Но минут двадцать никто не появлялся. На всякий случай мы незаметно перебрались на запасную позицию, замаскировались, стали ждать. Вскоре осторожный марокканец слегка приподнял голову над окопом. На каске привязана трава. "Ну, ничего, трава тебе не поможет", - и я дал очередь. Солдат был невредим. Я разозлился и выпустил по нему всю пулеметную ленту. И опять - мимо. Что за чертовщина…
Было неудобно перед друзьями - не смог снять вражеского наблюдателя. А тот осторожно показывался над бруствером, часто менял позиции. Наконец, "нагулявшись" окончательно, он сполз в окоп. И перед нами стали рваться снаряды мятежников. Они успели засечь нашу позицию и повели по ней огонь из двух батарей. Артналет длился минут пять. Наконец, очевидно, противник решил, что наш пулемет и мы сами уничтожены. Только благодаря хорошему укрытию нам удалось сохранить "максим" и самим остаться невредимыми.
Долго я думал о загадочных марокканцах, которых не берут пулеметные очереди. Уж не изобрел ли противник какие-то кольчуги? Или действительно с пулеметом что-то случилось? Может быть, пули долетали до бруствера окопа и, ударившись о камень или о сухой грунт, летели мимо вражеских голов? Неопытность? Сильно переживал я неудачу. Обидно было за нашего "максимку".
Но вскоре наша бригада захватила окопы противника. Мы, сгорая от нетерпения, кинулись туда, где "разгуливали" марокканцы. Обшарили все стенки, дно, ниши - ни одного убитого не увидели. Лишь в заброшенном углу нашли чучела, сделанные мятежниками из картона и фанеры в натуральную величину, при полной экипировке. Изготовили их так умело, что даже за триста метров трудно было отличить макет от человека.

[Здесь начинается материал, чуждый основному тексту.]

(* Let $R$ be a commutative ring with identity and $E$ an $R$-module. The following are equivalent: (1) $E$ is absolutely pure; (2) $E$ is $u$-$\mathfrak p$-absolutely pure for every prime ideal $\mathfrak p$ of $R$; (3) $E$ is $u$-$\mathfrak m$-absolutely pure for every maximal ideal $\mathfrak m$ of $R$.
   Context: For a multiplicative subset $S$ of $R$: a short sequence $0\to A\xrightarrow{f}B\xrightarrow{g}C\to 0$ is $u$-$S$-exact if there is $s\in S$ with $s\,\mathrm{Ker}(f)=0$, $s\,\mathrm{Ker}(g)\subseteq\mathrm{Im}(f)$, $s\,\mathrm{Im}(f)\subseteq\mathrm{Ker}(g)$, $sC\subseteq\mathrm{Im}(g)$; it is $u$-$S$-pure if tensoring with any $R$-module gives a short $u$-$S$-exact sequence; an $R$-module $E$ is $u$-$S$-absolutely pure if every short $u$-$S$-exact sequence $0\to E\to B\to C\to 0$ beginning with $E$ is $u$-$S$-pure. For a prime ideal $\mathfrak p$, $E$ is $u$-$\mathfrak p$-absolutely pure if it is $u$-$(R\setminus\mathfrak p)$-absolutely pure. $E$ is absolutely pure if it is a pure submodule of every module containing it (equivalently $\mathrm{Ext}^1_R(N,E)=0$ for all finitely presented $R$-modules $N$). *)

From HB Require Import structures.
From mathcomp Require Import all_boot all_order all_algebra.
Set Implicit Arguments. Unset Strict Implicit. Unset Printing Implicit Defensive.
Import GRing.Theory.
Local Open Scope ring_scope.

(* Commutative rings with identity: [comPzRingType] (the zero ring allowed).
   Modules: [lmodType R].  Linear maps: [{linear A -> B}]. *)

Section Defs.
Variable R : comPzRingType.

Definition ideal (I : R -> Prop) : Prop :=
  [/\ I 0, (forall x y, I x -> I y -> I (x + y)) & (forall r x, I x -> I (r * x))].

Definition prime_ideal (P : R -> Prop) : Prop :=
  [/\ ideal P, ~ P 1 & (forall x y, P (x * y) -> P x \/ P y)].

Definition maximal_ideal (M : R -> Prop) : Prop :=
  [/\ ideal M, ~ M 1 &
      (forall J : R -> Prop, ideal J -> (forall x, M x -> J x) ->
         (forall x, J x <-> M x) \/ J 1)].

Definition multiplicative_subset (S : R -> Prop) : Prop :=
  S 1 /\ (forall s t, S s -> S t -> S (s * t)).

Definition u_S_exact (S : R -> Prop) (A B C : lmodType R)
    (f : A -> B) (g : B -> C) : Prop :=
  exists2 s, S s &
   [/\ (forall a, f a = 0 -> s *: a = 0),
       (forall b, g b = 0 -> exists a, f a = s *: b),
       (forall a, g (s *: f a) = 0)
     & (forall c, exists b, g b = s *: c)].

(** Tensor products, given by their universal property: [beta : A -> N -> T]
    is R-bilinear and every R-bilinear map out of A x N factors uniquely
    through a linear map out of T. *)
Definition bilinear (A N M : lmodType R) (phi : A -> N -> M) : Prop :=
  [/\ (forall a1 a2 n, phi (a1 + a2) n = phi a1 n + phi a2 n),
      (forall r a n, phi (r *: a) n = r *: phi a n),
      (forall a n1 n2, phi a (n1 + n2) = phi a n1 + phi a n2)
    & (forall r a n, phi a (r *: n) = r *: phi a n)].

Definition is_tensor (A N T : lmodType R) (beta : A -> N -> T) : Prop :=
  bilinear beta /\
  forall (M : lmodType R) (phi : A -> N -> M), bilinear phi ->
    exists h : {linear T -> M},
      (forall a n, h (beta a n) = phi a n) /\
      (forall h' : {linear T -> M}, (forall a n, h' (beta a n) = phi a n) ->
         forall t, h' t = h t).

Definition tensor_map (A B N TA TB : lmodType R) (f : A -> B)
    (betaA : A -> N -> TA) (betaB : B -> N -> TB) (fN : TA -> TB) : Prop :=
  forall a n, fN (betaA a n) = betaB (f a) n.

Definition u_S_pure (S : R -> Prop) (A B C : lmodType R)
    (f : A -> B) (g : B -> C) : Prop :=
  forall (N TA TB TC : lmodType R)
         (betaA : A -> N -> TA) (betaB : B -> N -> TB) (betaC : C -> N -> TC),
    is_tensor betaA -> is_tensor betaB -> is_tensor betaC ->
    forall (fN : {linear TA -> TB}) (gN : {linear TB -> TC}),
      tensor_map f betaA betaB fN -> tensor_map g betaB betaC gN ->
      u_S_exact S fN gN.

Definition u_S_absolutely_pure (S : R -> Prop) (E : lmodType R) : Prop :=
  forall (B C : lmodType R) (f : {linear E -> B}) (g : {linear B -> C}),
    u_S_exact S f g -> u_S_pure S f g.

Definition u_p_absolutely_pure (p : R -> Prop) (E : lmodType R) : Prop :=
  u_S_absolutely_pure (fun r => ~ p r) E.

Definition pure_mono (E B : lmodType R) (f : E -> B) : Prop :=
  injective f /\
  forall (N TE TB : lmodType R) (betaE : E -> N -> TE) (betaB : B -> N -> TB),
    is_tensor betaE -> is_tensor betaB ->
    forall fN : {linear TE -> TB}, tensor_map f betaE betaB fN -> injective fN.

(** E is absolutely pure: E is a pure submodule of every module containing it,
    i.e. every R-linear embedding of E into a module is a pure monomorphism. *)
Definition absolutely_pure (E : lmodType R) : Prop :=
  forall (B : lmodType R) (f : {linear E -> B}), injective f -> pure_mono f.

End Defs.

(* (1) -> (2): let 0 -> E -f-> B -g-> C -> 0 be u-S-exact with witness s and
   tensor it with N.  Right exactness of the tensor product gives, with the
   witness s^2, every condition on f (x) N and g (x) N except the one on the
   kernel of f (x) N.  For that one, E embeds by e |-> [e, 0] into the pushout
   Q = (E * B) / {(s e, - f e)}, in which [s e, 0] = [0, f e]; since E is
   absolutely pure this embedding stays injective after tensoring with N, so s
   kills the kernel of f (x) N.
   (2) -> (3) because maximal ideals are prime.
   (3) -> (1): for an embedding f : E -> B, the sequence 0 -> E -> B -> B/E -> 0
   is exact, so every t in the kernel of f (x) N is killed by some element
   outside each maximal ideal; the annihilator of t is then not contained in
   any maximal ideal, hence t = 0. *)

From HB Require Import structures.
From mathcomp Require Import all_boot all_order all_algebra.
From mathcomp Require Import boolp classical_sets.
(* Imported after mathcomp so that [bilinear] is the one of Defs. *)
From Pilot Require Import Defs.
Set Implicit Arguments. Unset Strict Implicit. Unset Printing Implicit Defensive.
Import GRing.Theory.
Local Open Scope ring_scope.
Local Open Scope quotient_scope.

(* Opposites are the scalings by [-1]. *)
Record premodule (R : comPzRingType) := Premodule {
  pm_sort : choiceType;
  pm_eqv : pm_sort -> pm_sort -> Prop;
  pm_zero : pm_sort;
  pm_add : pm_sort -> pm_sort -> pm_sort;
  pm_scale : R -> pm_sort -> pm_sort;
  pm_eqv_refl : forall x, pm_eqv x x;
  pm_eqv_sym : forall x y, pm_eqv x y -> pm_eqv y x;
  pm_eqv_trans : forall x y z, pm_eqv x y -> pm_eqv y z -> pm_eqv x z;
  pm_add_eqv : forall x x' y y', pm_eqv x x' -> pm_eqv y y' ->
    pm_eqv (pm_add x y) (pm_add x' y');
  pm_scale_eqv : forall r x x', pm_eqv x x' -> pm_eqv (pm_scale r x) (pm_scale r x');
  pm_addA : forall x y z, pm_eqv (pm_add x (pm_add y z)) (pm_add (pm_add x y) z);
  pm_addC : forall x y, pm_eqv (pm_add x y) (pm_add y x);
  pm_add0 : forall x, pm_eqv (pm_add pm_zero x) x;
  pm_addN : forall x, pm_eqv (pm_add (pm_scale (-1) x) x) pm_zero;
  pm_scaleA : forall a b x, pm_eqv (pm_scale a (pm_scale b x)) (pm_scale (a * b) x);
  pm_scale1 : forall x, pm_eqv (pm_scale 1 x) x;
  pm_scaleDr : forall a x y,
    pm_eqv (pm_scale a (pm_add x y)) (pm_add (pm_scale a x) (pm_scale a y));
  pm_scaleDl : forall a b x,
    pm_eqv (pm_scale (a + b) x) (pm_add (pm_scale a x) (pm_scale b x)) }.

Section PremoduleQuotient.
Variables (R : comPzRingType) (D : premodule R).
Local Notation T := (pm_sort D).
Local Notation eqv := (@pm_eqv R D).
Local Notation add := (@pm_add R D).
Local Notation scale := (@pm_scale R D).

Definition pm_rel : rel T := fun x y => `[< eqv x y >].

Lemma pm_rel_is_equiv : equiv_class_of pm_rel.
Proof.
split=> [x|x y|y x z]; first exact/asboolP/pm_eqv_refl.
  by apply/asboolP/asboolP; apply: pm_eqv_sym.
by move=> /asboolP xy /asboolP yz; apply/asboolP; apply: pm_eqv_trans xy yz.
Qed.

Canonical pm_rel_equiv := EquivRelPack pm_rel_is_equiv.
Canonical pm_rel_encModRel := defaultEncModRel pm_rel.

Definition pquot := {eq_quot pm_rel}.
HB.instance Definition _ := Choice.on pquot.

Definition pquot_pi (x : T) : pquot := \pi_pquot x.

Lemma pquot_pi_eq x y : pquot_pi x = pquot_pi y <-> eqv x y.
Proof.
apply: (iff_trans (rwP (@eqquotP _ pm_rel_equiv pquot x y))).
by split=> /asboolP.
Qed.

Lemma pquot_repr_eqv x : eqv (repr (\pi_pquot x)) x.
Proof. by apply/pquot_pi_eq; rewrite /pquot_pi reprK. Qed.

Definition pquot_add := lift_op2 pquot add.
Definition pquot_scale r := lift_op1 pquot (scale r).
Definition pquot_opp := pquot_scale (-1).

Lemma pi_pquot_add : {morph \pi_pquot : x y / add x y >-> pquot_add x y}.
Proof.
move=> x y; unlock pquot_add; apply/pquot_pi_eq.
by apply: pm_add_eqv; apply: pm_eqv_sym; apply: pquot_repr_eqv.
Qed.

Lemma pi_pquot_scale r : {morph \pi_pquot : x / scale r x >-> pquot_scale r x}.
Proof.
move=> x; rewrite /pquot_scale; unlock; apply/pquot_pi_eq.
by apply: pm_scale_eqv; apply: pm_eqv_sym; apply: pquot_repr_eqv.
Qed.

Lemma pquot_addA : associative pquot_add.
Proof.
elim/quotW=> x; elim/quotW=> y; elim/quotW=> z.
by rewrite -!pi_pquot_add; apply/pquot_pi_eq/pm_addA.
Qed.

Lemma pquot_addC : commutative pquot_add.
Proof.
by elim/quotW=> x; elim/quotW=> y; rewrite -!pi_pquot_add; apply/pquot_pi_eq/pm_addC.
Qed.

Lemma pquot_add0 : left_id (\pi_pquot (pm_zero D)) pquot_add.
Proof. by elim/quotW=> x; rewrite -pi_pquot_add; apply/pquot_pi_eq/pm_add0. Qed.

Lemma pquot_addN : left_inverse (\pi_pquot (pm_zero D)) pquot_opp pquot_add.
Proof.
by elim/quotW=> x; rewrite /pquot_opp -pi_pquot_scale -pi_pquot_add; apply/pquot_pi_eq/pm_addN.
Qed.

HB.instance Definition _ :=
  GRing.isZmodule.Build pquot pquot_addA pquot_addC pquot_add0 pquot_addN.

Lemma pquot_piD x y : pquot_pi (add x y) = pquot_pi x + pquot_pi y.
Proof. exact: pi_pquot_add. Qed.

Чучела имели много пробоин, а два оказались настолько продырявленными, что развалились. Так противник обманул нас и успешно засек наши огневые точки. Испанцы сфотографировали меня на память с одним из "заколдованных марокканцев". На всю жизнь запомнил я этот урок. Потом приходилось с подобными штуками встречаться и во время Великой Отечественной войны. Но у нас уже был опыт.
Быстро летело время. Бойцы-республиканцы, обретая боевой опыт, стали более умело использовать современное оружие. И пример в этом им подавали хорошо подготовленные советские добровольцы. Они учили своих испанских друзей воинскому мастерству.
Однажды с Колей Гурьевым, когда шли упорные бои в районе Лас-Росас и Махадаонда, мы сидели на наблюдательном пункте и ждали сигнала атаки. Из-за сильного тумана ее отложили на полчаса. Коля пристроился у бруствера и, пользуясь заминкой, писал письмо домой, в Москву. Чернила в ручке кончались, и он сердито встряхивал ее. Я листал словарь - пытался выучить еще несколько испанских слов. Неожиданно началась беспорядочная стрельба перед фронтом, где должна наступать наша бригада. Била республиканская артиллерия.
- Что они делают? - кинулся я к Коле. - Ведь этот, же артиллерийский огонь должен обеспечивать действия нашей бригады.
- Ничего не понимаю, - пожал он плечами. - Смотри, смотри, они бьют по пустому месту, там ведь и противника нет. Может, Листер приказал.
- Не может быть. По нашему приказу артиллеристы должны начать стрелять только через десять минут.
- Ничего не понимаю, - разводил руками Коля. - У нас же снарядов с гулькин нос.
- Ты можешь приостановить, огонь? - спросил я его.
- Это не в моей власти. Но попробую уговорить.
Он вызвал по телефону командира дивизиона капитана Переса и стал умолять прекратить бесцельный огонь. Но Перес стоял на своем:
- У меня есть приказ высшего командования, и я его выполняю.
Тогда я решил рискнуть. Выхватив, у Коли, трубку, как можно строже крикнул Пересу:
- Говорит капитан Павлито. Энрике Листер приказывает прекратить огонь.
Стрельба умолкла. Мы с Колей вызвали по телефону Листера и рассказали о случившемся. Он выслушал и лаконично произнес: "Правильно сделали. Сейчас приеду".
Мы с Колей пошли на наблюдательный пункт. Но едва добрались туда, как батареи вновь открыли огонь, теперь уже перед самым наступлением пехоты. Смотрим и глазам не верим. Опять пушки бьют мимо намеченных целей. Артиллеристы из дивизиона снова делали все по-своему, всерьез думая, что, кроме их специалистов, некому подготовить необходимые данные. Кое-как остановили их. Тут-то и показал свое мастерство Коля.